Abstract: Error-correcting codes and related combinatorial constructs play an important role in several recent (and old) results in computational complexity theory. In this paper we survey results on locally-testable and locally-decodable error-correcting codes, and their applications to complexity theory and to cryptography. Locally decodable codes are error-correcting codes with sub-linear time error-correcting algorithms. They are related to private information retrieval (a type of cryptographic protocol), and they are used in average-case complexity and to construct ``hard-core predicates'' for one-way permutations. Locally testable codes are error-correcting codes with sub-linear time error-detection algorithms, and they are the combinatorial core of probabilistically checkable proofs.
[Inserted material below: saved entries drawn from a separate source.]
(* For every (convex) polytope $P\subset\mathbb{R}^d$ with vertex set $V(P)$, we have $f(P)=f(V(P))$.
   Context: For a bounded set $S\subset\mathbb{R}^d$ with the Euclidean distance, its Borsuk number $f(S)$ is the minimum number of parts in a partition of $S$ in which every part has diameter strictly smaller than the diameter of $S$ (with $f(S)=+\infty$ if no such partition exists, e.g. when $S$ is a single point). *)

From HB Require Import structures.
From mathcomp Require Import all_boot all_order all_algebra.
From mathcomp Require Import boolp classical_sets reals.
Set Implicit Arguments. Unset Strict Implicit. Unset Printing Implicit Defensive.
Import Order.TTheory GRing.Theory Num.Theory.
Local Open Scope classical_set_scope.
Local Open Scope ring_scope.

Definition edist (R : realType) (d : nat) (x y : 'rV[R]_d) : R :=
  Num.sqrt (\sum_(i < d) (x ord0 i - y ord0 i) ^+ 2).

Definition diam (R : realType) (d : nat) (S : set 'rV[R]_d) : R :=
  sup [set edist p.1 p.2 | p in S `*` S].

Definition is_partition (R : realType) (d m : nat) (S : set 'rV[R]_d)
    (A : 'I_m -> set 'rV[R]_d) : Prop :=
  (forall i, A i !=set0) /\
  (forall i j, i != j -> A i `&` A j = set0) /\
  (\bigcup_(i in [set: 'I_m]) A i = S).

Definition borsuk_partitionable (R : realType) (d : nat) (S : set 'rV[R]_d)
    (m : nat) : Prop :=
  exists A : 'I_m -> set 'rV[R]_d,
    is_partition S A /\ forall i, diam (A i) < diam S.

(* Borsuk number f(S): Some (minimal m), or None standing for +infinity. *)
Definition borsuk_number (R : realType) (d : nat) (S : set 'rV[R]_d)
    : option nat :=
  match pselect (exists m, `[< borsuk_partitionable S m >]) with
  | left h => Some (ex_minn h)
  | right _ => None
  end.

Definition conv_hull (R : realType) (d : nat) (X : seq 'rV[R]_d)
    : set 'rV[R]_d :=
  [set x | exists w : 'I_(size X) -> R,
     (forall i, 0 <= w i) /\ \sum_(i < size X) w i = 1 /\
     x = \sum_(i < size X) w i *: X`_i].

Definition polytope (R : realType) (d : nat) (P : set 'rV[R]_d) : Prop :=
  exists X : seq 'rV[R]_d, X != [::] /\ P = conv_hull X.

Definition vertices (R : realType) (d : nat) (P : set 'rV[R]_d)
    : set 'rV[R]_d :=
  [set x | P x /\ ~ exists y z t, [/\ P y, P z, y != z, 0 < t < 1 &
                                   x = t *: y + (1 - t) *: z]].

From mathcomp Require Import all_boot all_order all_algebra.
From mathcomp Require Import boolp classical_sets reals.
From mathcomp Require Import ring lra.
Set Implicit Arguments. Unset Strict Implicit. Unset Printing Implicit Defensive.
Import Order.TTheory GRing.Theory Num.Theory.
Local Open Scope classical_set_scope.
Local Open Scope ring_scope.

(* Write P = conv X.  A Borsuk partition of P restricts to one of V(P) because
   diam V(P) = diam P.  Conversely, squared distance is convex:
   |x - y|^2 <= sum_(k,l) w_k u_l |X_k - X_l|^2 for x = sum_k w_k X_k and
   y = sum_l u_l X_l, and a pair (X_k, X_l) attaining the maximum D of
   |X_k - X_l|^2 consists of two vertices.  Given a Borsuk partition of V(P)
   into m blocks, keep each vertex in its block and send every other point of P
   to a block carrying at least a 1/m share of its vertex weight.  Two points of
   one block then give weight at least 1/(4m^2) to the pairs (k,l) with
   |X_k - X_l|^2 < D (pairs inside a block, or involving a non-vertex), which
   keeps their squared distance below D by a fixed margin. *)

Lemma sqr_convex_sum_le (R : realType) (n : nat) (w a : 'I_n -> R) :
  (forall i, 0 <= w i) -> \sum_i w i = 1 ->
  (\sum_i w i * a i) ^+ 2 <= \sum_i w i * a i ^+ 2.
Proof.
move=> w_ge0 w_sum1; set s := \sum_i w i * a i.
have variance : \sum_i w i * (a i - s) ^+ 2 = \sum_i w i * a i ^+ 2 - s ^+ 2.
  rewrite (eq_bigr (fun i => w i * a i ^+ 2 - 2 * s * (w i * a i) + s ^+ 2 * w i));
    last by move=> i _; ring.
  by rewrite big_split /= sumrB -!mulr_sumr w_sum1 -/s; ring.
rewrite -subr_ge0 -variance; apply: sumr_ge0 => i _.
by rewrite mulr_ge0 ?sqr_ge0.
Qed.

Lemma double_convex_sum_const (R : realType) (n : nat) (w u : 'I_n -> R) (D : R) :
  \sum_i w i = 1 -> \sum_i u i = 1 -> \sum_k \sum_l w k * u l * D = D.
Proof.
move=> w_sum1 u_sum1.
rewrite (eq_bigr (fun k => w k * D)) => [|k _]; last first.
  by rewrite -[RHS]mulr1 -u_sum1 mulr_sumr; apply: eq_bigr => l _; rewrite mulrAC.
by rewrite -mulr_suml w_sum1 mul1r.
Qed.

Definition indic (R : realType) (P : Prop) : R := (`[< P >] : bool)%:R.

Lemma indicT (R : realType) (P : Prop) : P -> indic R P = 1.
Proof. by move=> p; rewrite /indic asboolT. Qed.

Lemma indicF (R : realType) (P : Prop) : ~ P -> indic R P = 0.
Proof. by move=> p; rewrite /indic asboolF. Qed.

Lemma indic_ge0 (R : realType) (P : Prop) : 0 <= indic R P.
Proof. by rewrite /indic ler0n. Qed.

Lemma indicN (R : realType) (P : Prop) : indic R (~ P) = 1 - indic R P.
Proof.
case: (pselect P) => p; first by rewrite indicF ?indicT ?subrr.
by rewrite indicT ?indicF ?subr0.
Qed.

Lemma indicI (R : realType) (P Q : Prop) :
  indic R (P /\ Q) = indic R P * indic R Q.
Proof.
case: (pselect P) => p; last by rewrite (indicF R p) mul0r indicF // => -[].
case: (pselect Q) => q; first by rewrite !indicT ?mulr1.
by rewrite (indicF R q) mulr0 indicF // => -[].
Qed.

Lemma le_indic (R : realType) (P Q : Prop) : (P -> Q) -> indic R P <= indic R Q.
Proof.
move=> PQ; case: (pselect P) => p; last by rewrite indicF ?indic_ge0.
by rewrite !indicT //; exact: PQ.
Qed.

Lemma finite_strict_gap (R : realType) (I : finType) (i0 : I) (F : I -> R) (D : R) :
  exists2 c, c < D & forall i, F i < D -> F i <= c.
Proof.
pose G i := if F i < D then F i else D - 1.
have [imax _ Gmax] := @arg_maxP _ R I i0 xpredT G isT.
exists (G imax); first by rewrite /G; case: ifP => // _; lra.
by move=> i Fi; have := Gmax i isT; rewrite /G Fi.
Qed.

Section SquaredDistance.
Variables (R : realType) (d : nat).
Implicit Types x y z : 'rV[R]_d.

Definition sqdist x y : R := \sum_(c < d) (x ord0 c - y ord0 c) ^+ 2.

Lemma edistE x y : edist x y = Num.sqrt (sqdist x y).
Proof. by []. Qed.

Lemma sqdist_ge0 x y : 0 <= sqdist x y.
Proof. by apply: sumr_ge0 => c _; exact: sqr_ge0. Qed.

Lemma sqdistC x y : sqdist x y = sqdist y x.
Proof. by apply: eq_bigr => c _; rewrite -sqrrN opprB. Qed.

Lemma sqdist_gt0 x y : x != y -> 0 < sqdist x y.
Proof.
move=> neq_xy; rewrite lt0r sqdist_ge0 andbT; apply: contra neq_xy => /eqP sq0.
have coord0 := psumr_eq0P (fun c _ => sqr_ge0 (x ord0 c - y ord0 c)) sq0.
apply/eqP/matrixP => i j; rewrite (ord1 i); apply/eqP.
by rewrite -subr_eq0 -sqrf_eq0; apply/eqP; exact: coord0.
Qed.

Lemma sqdist_combE y z q t :
  sqdist (t *: y + (1 - t) *: z) q =
  t * sqdist y q + (1 - t) * sqdist z q - t * (1 - t) * sqdist y z.
Proof.
rewrite /sqdist !mulr_sumr -big_split -sumrB /=.
by apply: eq_bigr => c _; rewrite !mxE; ring.
Qed.

Lemma sqdist_convex_le (n : nat) (w : 'I_n -> R) (X : 'I_n -> 'rV[R]_d) z :
  (forall i, 0 <= w i) -> \sum_i w i = 1 ->
  sqdist (\sum_i w i *: X i) z <= \sum_i w i * sqdist (X i) z.
Proof.
move=> w_ge0 w_sum1.
have coordE c : (\sum_i w i *: X i) ord0 c - z ord0 c
                = \sum_i w i * (X i ord0 c - z ord0 c).
  rewrite summxE -[in LHS](mul1r (z ord0 c)) -w_sum1 mulr_suml -sumrB.
  by apply: eq_bigr => i _; rewrite mxE mulrBr.
rewrite /sqdist; under eq_bigr do rewrite coordE.
under [E in _ <= E]eq_bigr do rewrite mulr_sumr.
by rewrite exchange_big /=; apply: ler_sum => c _; exact: sqr_convex_sum_le.
Qed.

Lemma sqdist_convex2_le (n : nat) (w u : 'I_n -> R) (X : 'I_n -> 'rV[R]_d) :
  (forall i, 0 <= w i) -> \sum_i w i = 1 ->
  (forall i, 0 <= u i) -> \sum_i u i = 1 ->
  sqdist (\sum_i w i *: X i) (\sum_i u i *: X i)
    <= \sum_k \sum_l w k * u l * sqdist (X k) (X l).
Proof.
move=> w_ge0 w_sum1 u_ge0 u_sum1.
apply: le_trans (sqdist_convex_le _ _ w_ge0 w_sum1) _.
apply: ler_sum => k _; rewrite sqdistC.
under [E in _ <= E]eq_bigr do rewrite -mulrA sqdistC.
by rewrite -mulr_sumr ler_wpM2l //; exact: sqdist_convex_le.
Qed.

End SquaredDistance.

Section ConvexHull.
Variables (R : realType) (d : nat) (X : seq 'rV[R]_d).
Local Notation P := (conv_hull X).

Lemma conv_hull_nth (k : 'I_(size X)) : P X`_k.
Proof.
exists (fun i => (i == k)%:R); split; first by move=> i; exact: ler0n.
split.
  by rewrite (bigD1 k) //= eqxx big1 ?addr0 // => i /negbTE ->.
rewrite (bigD1 k) //= eqxx scale1r big1 ?addr0 // => i /negbTE ->.
exact: scale0r.
Qed.

Lemma conv_hull_sqdist_le (D : R) p q :
  (forall k l : 'I_(size X), sqdist X`_k X`_l <= D) -> P p -> P q -> sqdist p q <= D.
Proof.
move=> le_D [w [w_ge0 [w_sum1 ->]]] [u [u_ge0 [u_sum1 ->]]].
apply: le_trans (sqdist_convex2_le (fun i => X`_i) w_ge0 w_sum1 u_ge0 u_sum1) _.
rewrite -[X in _ <= X](double_convex_sum_const D w_sum1 u_sum1).
apply: ler_sum => k _; apply: ler_sum => l _.
by rewrite ler_wpM2l ?mulr_ge0.
Qed.

Lemma conv_hull_split (w : 'I_(size X) -> R) (k : 'I_(size X)) :
  (forall i, 0 <= w i) -> \sum_i w i = 1 -> w k < 1 ->
  exists2 y, P y & \sum_i w i *: X`_i = w k *: X`_k + (1 - w k) *: y.
Proof.
move=> w_ge0 w_sum1 wk_lt1; have rest_gt0 : 0 < 1 - w k by rewrite subr_gt0.
have rest_sum : \sum_(i | i != k) w i = 1 - w k.
  by rewrite -w_sum1 [in RHS](bigD1 k) //= addrAC subrr add0r.
pose w' i := if i == k then 0 else w i / (1 - w k).
exists (\sum_i w' i *: X`_i).
  exists w'; split.
    by move=> i; rewrite /w'; case: eqP => // _; apply: divr_ge0 => //; exact: ltW.
  split => //; rewrite (bigD1 k) //= /w' eqxx add0r.
  rewrite (eq_bigr (fun i => w i / (1 - w k))); last by move=> i /negbTE ->.
  by rewrite -mulr_suml rest_sum divff ?lt0r_neq0.
rewrite (bigD1 k) //= scaler_sumr [in RHS](bigD1 k) //= /w' eqxx scale0r scaler0 add0r.
congr (_ + _); apply: eq_bigr => i /negbTE ->.
by rewrite scalerA mulrCA divff ?mulr1 ?lt0r_neq0.
Qed.

Lemma vertex_conv_hull_nth v : vertices P v -> exists k : 'I_(size X), v = X`_k.
Proof.
move=> [[w [w_ge0 [w_sum1 ->]]] not_interior].
have [k wk_gt0] : exists k, 0 < w k.
  apply/not_existsP => all_le0; move: w_sum1; rewrite big1 => [/eqP|i _].
    by rewrite eq_sym oner_eq0.
  by apply/eqP; rewrite eq_le w_ge0 andbT leNgt; apply/negP/all_le0.
exists k; have : w k <= 1 by rewrite -w_sum1 (bigD1 k) //= lerDl sumr_ge0.
rewrite le_eqVlt => /orP[/eqP wk1 | wk_lt1].
  have rest0 : \sum_(i | i != k) w i = 0.
    by move: w_sum1; rewrite (bigD1 k) //= wk1; lra.
  rewrite (bigD1 k) //= wk1 scale1r big1 ?addr0 // => i neq_ik.
  by rewrite (psumr_eq0P (fun i _ => w_ge0 i) rest0 neq_ik) scale0r.
have [y Py split_w] := conv_hull_split w_ge0 w_sum1 wk_lt1.
have [eq_ky | neq_ky] := eqVneq X`_k y.
  by rewrite split_w -eq_ky -scalerDl addrC subrK scale1r.
exfalso; apply: not_interior; exists X`_k, y, (w k).
by rewrite wk_gt0 wk_lt1; split => //; exact: conv_hull_nth.
Qed.

Lemma vertex_of_max_sqdist (D : R) (k l : 'I_(size X)) :
  (forall k l : 'I_(size X), sqdist X`_k X`_l <= D) ->
  sqdist X`_k X`_l = D -> vertices P X`_k.
Proof.
move=> le_D eq_D; split; first exact: conv_hull_nth.
move=> [y [z [t [Py Pz neq_yz /andP[t_gt0 t_lt1] split_k]]]].
have := sqdist_combE y z X`_l t; rewrite -split_k eq_D.
have := conv_hull_sqdist_le le_D Py (conv_hull_nth l).
have := conv_hull_sqdist_le le_D Pz (conv_hull_nth l).
have : 0 < t * (1 - t) * sqdist y z by rewrite !mulr_gt0 ?subr_gt0 ?sqdist_gt0.
nra.
Qed.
8. 3. 2005 (úterý [Tuesday], 14.20, MÚ Žitná 25, 3. patro)
Daniel Kral (TU Berlin): Polynomial-size binary decision diagrams for the Exactly half-d-hyperclique problem reading each input bit twice
Abstract: A binary decision diagram (BDD) is a graph-based data structure representing Boolean functions; k-BDDs are BDDs with an additional restriction that each input bit can be tested at most k times. A d-uniform hypergraph H on N vertices is an exactly half-d-hyperclique if N/2 of its vertices form a hyperclique and the remaining vertices are isolated. Wegener [J. ACM 35(2) (1988), 461-471] conjectured that there is no polynomial-size (d-1)-BDD for the Exactly half-d-hyperclique problem. We refute this conjecture by constructing polynomial-size (syntactic) 2-BDDs for the Exactly half-d-hyperclique problem for every d>=2.
1. 3. 2005 (úterý [Tuesday], 14.20, MÚ Žitná 25, 3. patro)
N. Goyal, M. Saks: Rounds vs Queries Trade-off in Noisy
Computation (SODA 2005)
(referuje Jiří Sgall)
Abstract: We show that a noisy parallel decision tree making O(n) queries needs O(log^* n) rounds to compute OR of n bits. This answers a question of Newman. We prove more general trade-offs between the number of queries and rounds. We also completely settle a similar question for computing MAX in the noisy comparison tree model; these results bring out interesting differences among the noise models.